YOUR GOAL: Among the records below, find the line that has "assert (RInt g (- N)"; from there, give the lines again exactly, and stop after the line that has "assert (Hatan : is_RInt".

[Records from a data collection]
'''

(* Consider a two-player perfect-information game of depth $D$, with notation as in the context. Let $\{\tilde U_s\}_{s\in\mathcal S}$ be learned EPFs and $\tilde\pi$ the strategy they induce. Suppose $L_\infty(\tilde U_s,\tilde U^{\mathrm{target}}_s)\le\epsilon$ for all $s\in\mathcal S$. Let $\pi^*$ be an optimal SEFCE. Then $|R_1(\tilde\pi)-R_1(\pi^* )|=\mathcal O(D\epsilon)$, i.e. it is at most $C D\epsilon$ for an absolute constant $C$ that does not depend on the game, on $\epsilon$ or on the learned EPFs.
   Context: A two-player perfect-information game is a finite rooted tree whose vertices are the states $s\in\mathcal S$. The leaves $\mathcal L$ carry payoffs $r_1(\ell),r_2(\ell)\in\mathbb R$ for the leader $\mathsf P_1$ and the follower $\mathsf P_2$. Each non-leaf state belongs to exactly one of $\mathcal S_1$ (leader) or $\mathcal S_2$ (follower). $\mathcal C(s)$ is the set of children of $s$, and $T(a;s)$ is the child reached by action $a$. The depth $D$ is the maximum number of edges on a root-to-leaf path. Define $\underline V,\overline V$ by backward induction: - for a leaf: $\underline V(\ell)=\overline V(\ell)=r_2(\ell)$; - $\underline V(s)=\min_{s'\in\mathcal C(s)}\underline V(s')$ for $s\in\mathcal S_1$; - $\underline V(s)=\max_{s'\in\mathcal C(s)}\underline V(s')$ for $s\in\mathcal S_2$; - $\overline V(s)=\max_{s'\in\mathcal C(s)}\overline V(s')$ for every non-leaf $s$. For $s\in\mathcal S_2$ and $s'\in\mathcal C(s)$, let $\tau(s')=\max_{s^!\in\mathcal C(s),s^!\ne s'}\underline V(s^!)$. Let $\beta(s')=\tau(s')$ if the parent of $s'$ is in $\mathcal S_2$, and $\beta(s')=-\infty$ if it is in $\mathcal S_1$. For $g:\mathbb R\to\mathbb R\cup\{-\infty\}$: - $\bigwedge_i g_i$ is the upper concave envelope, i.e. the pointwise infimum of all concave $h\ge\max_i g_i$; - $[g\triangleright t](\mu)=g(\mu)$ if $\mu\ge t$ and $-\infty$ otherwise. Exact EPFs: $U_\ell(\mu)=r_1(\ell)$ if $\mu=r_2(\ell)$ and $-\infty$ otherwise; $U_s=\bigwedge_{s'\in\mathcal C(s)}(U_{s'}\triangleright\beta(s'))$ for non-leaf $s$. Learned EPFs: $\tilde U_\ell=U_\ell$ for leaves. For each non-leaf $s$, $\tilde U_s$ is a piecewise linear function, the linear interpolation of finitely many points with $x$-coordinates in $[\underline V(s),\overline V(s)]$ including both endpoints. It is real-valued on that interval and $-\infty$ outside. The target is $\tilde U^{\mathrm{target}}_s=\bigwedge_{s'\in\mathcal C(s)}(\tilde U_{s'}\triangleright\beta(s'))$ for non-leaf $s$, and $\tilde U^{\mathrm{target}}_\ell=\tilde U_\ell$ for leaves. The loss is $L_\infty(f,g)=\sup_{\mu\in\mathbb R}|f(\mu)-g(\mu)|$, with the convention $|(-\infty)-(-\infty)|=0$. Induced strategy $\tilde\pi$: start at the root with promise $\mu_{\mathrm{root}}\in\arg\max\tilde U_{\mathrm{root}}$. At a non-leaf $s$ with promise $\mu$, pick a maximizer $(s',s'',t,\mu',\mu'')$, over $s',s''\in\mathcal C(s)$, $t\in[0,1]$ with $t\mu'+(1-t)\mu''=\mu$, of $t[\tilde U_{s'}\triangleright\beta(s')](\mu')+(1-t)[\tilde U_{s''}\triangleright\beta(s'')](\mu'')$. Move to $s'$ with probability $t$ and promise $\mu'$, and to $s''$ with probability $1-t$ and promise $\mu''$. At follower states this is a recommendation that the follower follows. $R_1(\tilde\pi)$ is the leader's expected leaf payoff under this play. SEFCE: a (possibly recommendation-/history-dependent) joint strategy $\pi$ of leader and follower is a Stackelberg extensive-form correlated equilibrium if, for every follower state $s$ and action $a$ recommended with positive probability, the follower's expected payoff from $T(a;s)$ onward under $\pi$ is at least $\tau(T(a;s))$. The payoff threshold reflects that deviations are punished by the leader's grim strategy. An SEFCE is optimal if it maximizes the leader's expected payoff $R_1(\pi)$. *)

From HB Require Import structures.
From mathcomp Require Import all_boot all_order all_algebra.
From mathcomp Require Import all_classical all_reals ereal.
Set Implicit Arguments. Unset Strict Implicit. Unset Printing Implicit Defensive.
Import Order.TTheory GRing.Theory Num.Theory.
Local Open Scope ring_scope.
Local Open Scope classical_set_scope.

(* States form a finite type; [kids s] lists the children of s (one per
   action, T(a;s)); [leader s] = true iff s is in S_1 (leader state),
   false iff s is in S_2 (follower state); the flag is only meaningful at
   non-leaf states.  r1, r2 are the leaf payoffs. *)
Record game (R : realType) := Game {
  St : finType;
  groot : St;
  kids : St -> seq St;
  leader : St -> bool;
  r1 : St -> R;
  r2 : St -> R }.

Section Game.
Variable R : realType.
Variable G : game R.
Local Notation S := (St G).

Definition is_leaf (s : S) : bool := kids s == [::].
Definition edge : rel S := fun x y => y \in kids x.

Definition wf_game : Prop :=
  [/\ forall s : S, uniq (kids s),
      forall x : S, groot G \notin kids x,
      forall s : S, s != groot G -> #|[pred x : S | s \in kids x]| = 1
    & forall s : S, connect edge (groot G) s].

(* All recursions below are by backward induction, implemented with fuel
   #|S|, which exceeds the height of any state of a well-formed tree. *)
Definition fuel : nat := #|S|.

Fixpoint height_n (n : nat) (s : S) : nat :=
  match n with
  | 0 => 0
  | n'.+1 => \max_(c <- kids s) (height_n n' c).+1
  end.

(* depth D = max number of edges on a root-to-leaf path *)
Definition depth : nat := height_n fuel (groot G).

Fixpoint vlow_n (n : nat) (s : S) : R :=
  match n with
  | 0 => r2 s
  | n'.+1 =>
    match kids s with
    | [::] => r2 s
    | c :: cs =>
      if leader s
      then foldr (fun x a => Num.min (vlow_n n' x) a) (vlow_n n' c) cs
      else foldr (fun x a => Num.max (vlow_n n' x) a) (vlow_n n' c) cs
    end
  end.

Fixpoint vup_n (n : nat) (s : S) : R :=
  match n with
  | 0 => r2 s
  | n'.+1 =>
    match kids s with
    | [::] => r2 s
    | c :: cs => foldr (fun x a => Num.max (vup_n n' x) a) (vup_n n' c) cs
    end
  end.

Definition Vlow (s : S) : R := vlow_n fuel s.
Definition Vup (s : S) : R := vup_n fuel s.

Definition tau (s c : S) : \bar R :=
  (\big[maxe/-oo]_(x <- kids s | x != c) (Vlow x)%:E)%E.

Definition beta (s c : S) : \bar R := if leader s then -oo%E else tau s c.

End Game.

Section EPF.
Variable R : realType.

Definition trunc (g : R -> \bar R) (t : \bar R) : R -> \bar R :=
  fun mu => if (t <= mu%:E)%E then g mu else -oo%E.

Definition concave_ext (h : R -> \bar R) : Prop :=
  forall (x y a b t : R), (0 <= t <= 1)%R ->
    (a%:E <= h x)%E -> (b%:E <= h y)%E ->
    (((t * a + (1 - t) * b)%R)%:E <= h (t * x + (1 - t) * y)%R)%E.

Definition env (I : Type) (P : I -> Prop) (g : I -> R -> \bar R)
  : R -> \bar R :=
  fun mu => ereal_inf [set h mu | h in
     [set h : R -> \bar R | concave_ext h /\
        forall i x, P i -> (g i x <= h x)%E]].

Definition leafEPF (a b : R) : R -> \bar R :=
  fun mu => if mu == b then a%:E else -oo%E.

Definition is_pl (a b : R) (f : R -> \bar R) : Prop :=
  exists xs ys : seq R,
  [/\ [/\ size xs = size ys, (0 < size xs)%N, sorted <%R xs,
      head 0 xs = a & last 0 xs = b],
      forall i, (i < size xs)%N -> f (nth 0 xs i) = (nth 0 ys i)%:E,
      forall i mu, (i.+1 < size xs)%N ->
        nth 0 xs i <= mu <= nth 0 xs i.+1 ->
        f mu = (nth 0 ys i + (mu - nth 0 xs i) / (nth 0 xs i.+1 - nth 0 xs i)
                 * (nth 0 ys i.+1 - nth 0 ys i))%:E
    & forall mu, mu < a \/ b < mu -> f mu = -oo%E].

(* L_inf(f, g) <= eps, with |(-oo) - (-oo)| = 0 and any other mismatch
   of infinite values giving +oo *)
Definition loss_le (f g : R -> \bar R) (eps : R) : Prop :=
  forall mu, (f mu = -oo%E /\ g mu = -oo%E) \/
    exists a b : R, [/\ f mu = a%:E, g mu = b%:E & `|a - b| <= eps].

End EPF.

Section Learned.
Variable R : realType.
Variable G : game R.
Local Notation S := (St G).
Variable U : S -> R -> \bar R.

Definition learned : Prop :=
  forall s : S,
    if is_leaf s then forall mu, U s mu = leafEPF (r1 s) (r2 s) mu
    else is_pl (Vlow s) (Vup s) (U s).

'''
'''

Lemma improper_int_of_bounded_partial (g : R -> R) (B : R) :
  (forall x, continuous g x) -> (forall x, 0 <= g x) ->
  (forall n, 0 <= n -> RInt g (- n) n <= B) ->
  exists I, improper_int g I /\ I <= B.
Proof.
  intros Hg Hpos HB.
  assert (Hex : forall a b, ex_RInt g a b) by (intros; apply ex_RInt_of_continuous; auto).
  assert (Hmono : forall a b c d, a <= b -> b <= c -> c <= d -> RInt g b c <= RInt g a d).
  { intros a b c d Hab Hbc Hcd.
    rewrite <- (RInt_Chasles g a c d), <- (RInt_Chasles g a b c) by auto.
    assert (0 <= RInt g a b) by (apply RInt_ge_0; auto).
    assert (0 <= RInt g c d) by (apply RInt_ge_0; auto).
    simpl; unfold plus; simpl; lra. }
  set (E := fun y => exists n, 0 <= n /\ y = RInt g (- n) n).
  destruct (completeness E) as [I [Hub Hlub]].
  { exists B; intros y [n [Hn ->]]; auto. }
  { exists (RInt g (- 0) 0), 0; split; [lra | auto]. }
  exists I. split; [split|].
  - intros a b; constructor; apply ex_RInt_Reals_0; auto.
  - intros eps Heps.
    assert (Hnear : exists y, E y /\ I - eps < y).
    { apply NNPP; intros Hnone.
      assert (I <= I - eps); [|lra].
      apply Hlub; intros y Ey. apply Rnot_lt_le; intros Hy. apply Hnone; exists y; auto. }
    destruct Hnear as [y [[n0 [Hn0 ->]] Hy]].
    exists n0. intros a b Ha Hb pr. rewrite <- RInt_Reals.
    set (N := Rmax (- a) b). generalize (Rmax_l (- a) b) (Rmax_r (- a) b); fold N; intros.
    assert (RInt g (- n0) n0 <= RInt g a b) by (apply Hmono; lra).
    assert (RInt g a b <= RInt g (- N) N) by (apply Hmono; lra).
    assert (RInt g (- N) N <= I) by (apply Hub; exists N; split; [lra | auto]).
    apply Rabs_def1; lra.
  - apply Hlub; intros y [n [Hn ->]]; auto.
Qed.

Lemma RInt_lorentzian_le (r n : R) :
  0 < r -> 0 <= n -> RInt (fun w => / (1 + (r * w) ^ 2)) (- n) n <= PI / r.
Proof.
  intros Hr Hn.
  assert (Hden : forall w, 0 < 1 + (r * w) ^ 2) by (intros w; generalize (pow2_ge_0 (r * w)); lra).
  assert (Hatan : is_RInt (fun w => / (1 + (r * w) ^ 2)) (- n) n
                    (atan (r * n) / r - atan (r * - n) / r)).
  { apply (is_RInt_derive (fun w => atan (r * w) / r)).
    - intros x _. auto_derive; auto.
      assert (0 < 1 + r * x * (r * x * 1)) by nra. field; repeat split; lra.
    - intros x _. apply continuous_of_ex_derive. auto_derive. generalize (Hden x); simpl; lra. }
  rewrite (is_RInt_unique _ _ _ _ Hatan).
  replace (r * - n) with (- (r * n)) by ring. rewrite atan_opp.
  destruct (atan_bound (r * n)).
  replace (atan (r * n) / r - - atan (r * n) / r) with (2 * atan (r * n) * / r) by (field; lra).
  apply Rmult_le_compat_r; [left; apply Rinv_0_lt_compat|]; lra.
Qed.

'''

SOLUTION FOR THIS EXERCISE:
    assert (RInt g (- N) N <= I) by (apply Hub; exists N; split; [lra | auto]).
    apply Rabs_def1; lra.
  - apply Hlub; intros y [n [Hn ->]]; auto.
Qed.

Lemma RInt_lorentzian_le (r n : R) :
  0 < r -> 0 <= n -> RInt (fun w => / (1 + (r * w) ^ 2)) (- n) n <= PI / r.
Proof.
  intros Hr Hn.
  assert (Hden : forall w, 0 < 1 + (r * w) ^ 2) by (intros w; generalize (pow2_ge_0 (r * w)); lra).
  assert (Hatan : is_RInt (fun w => / (1 + (r * w) ^ 2)) (- n) n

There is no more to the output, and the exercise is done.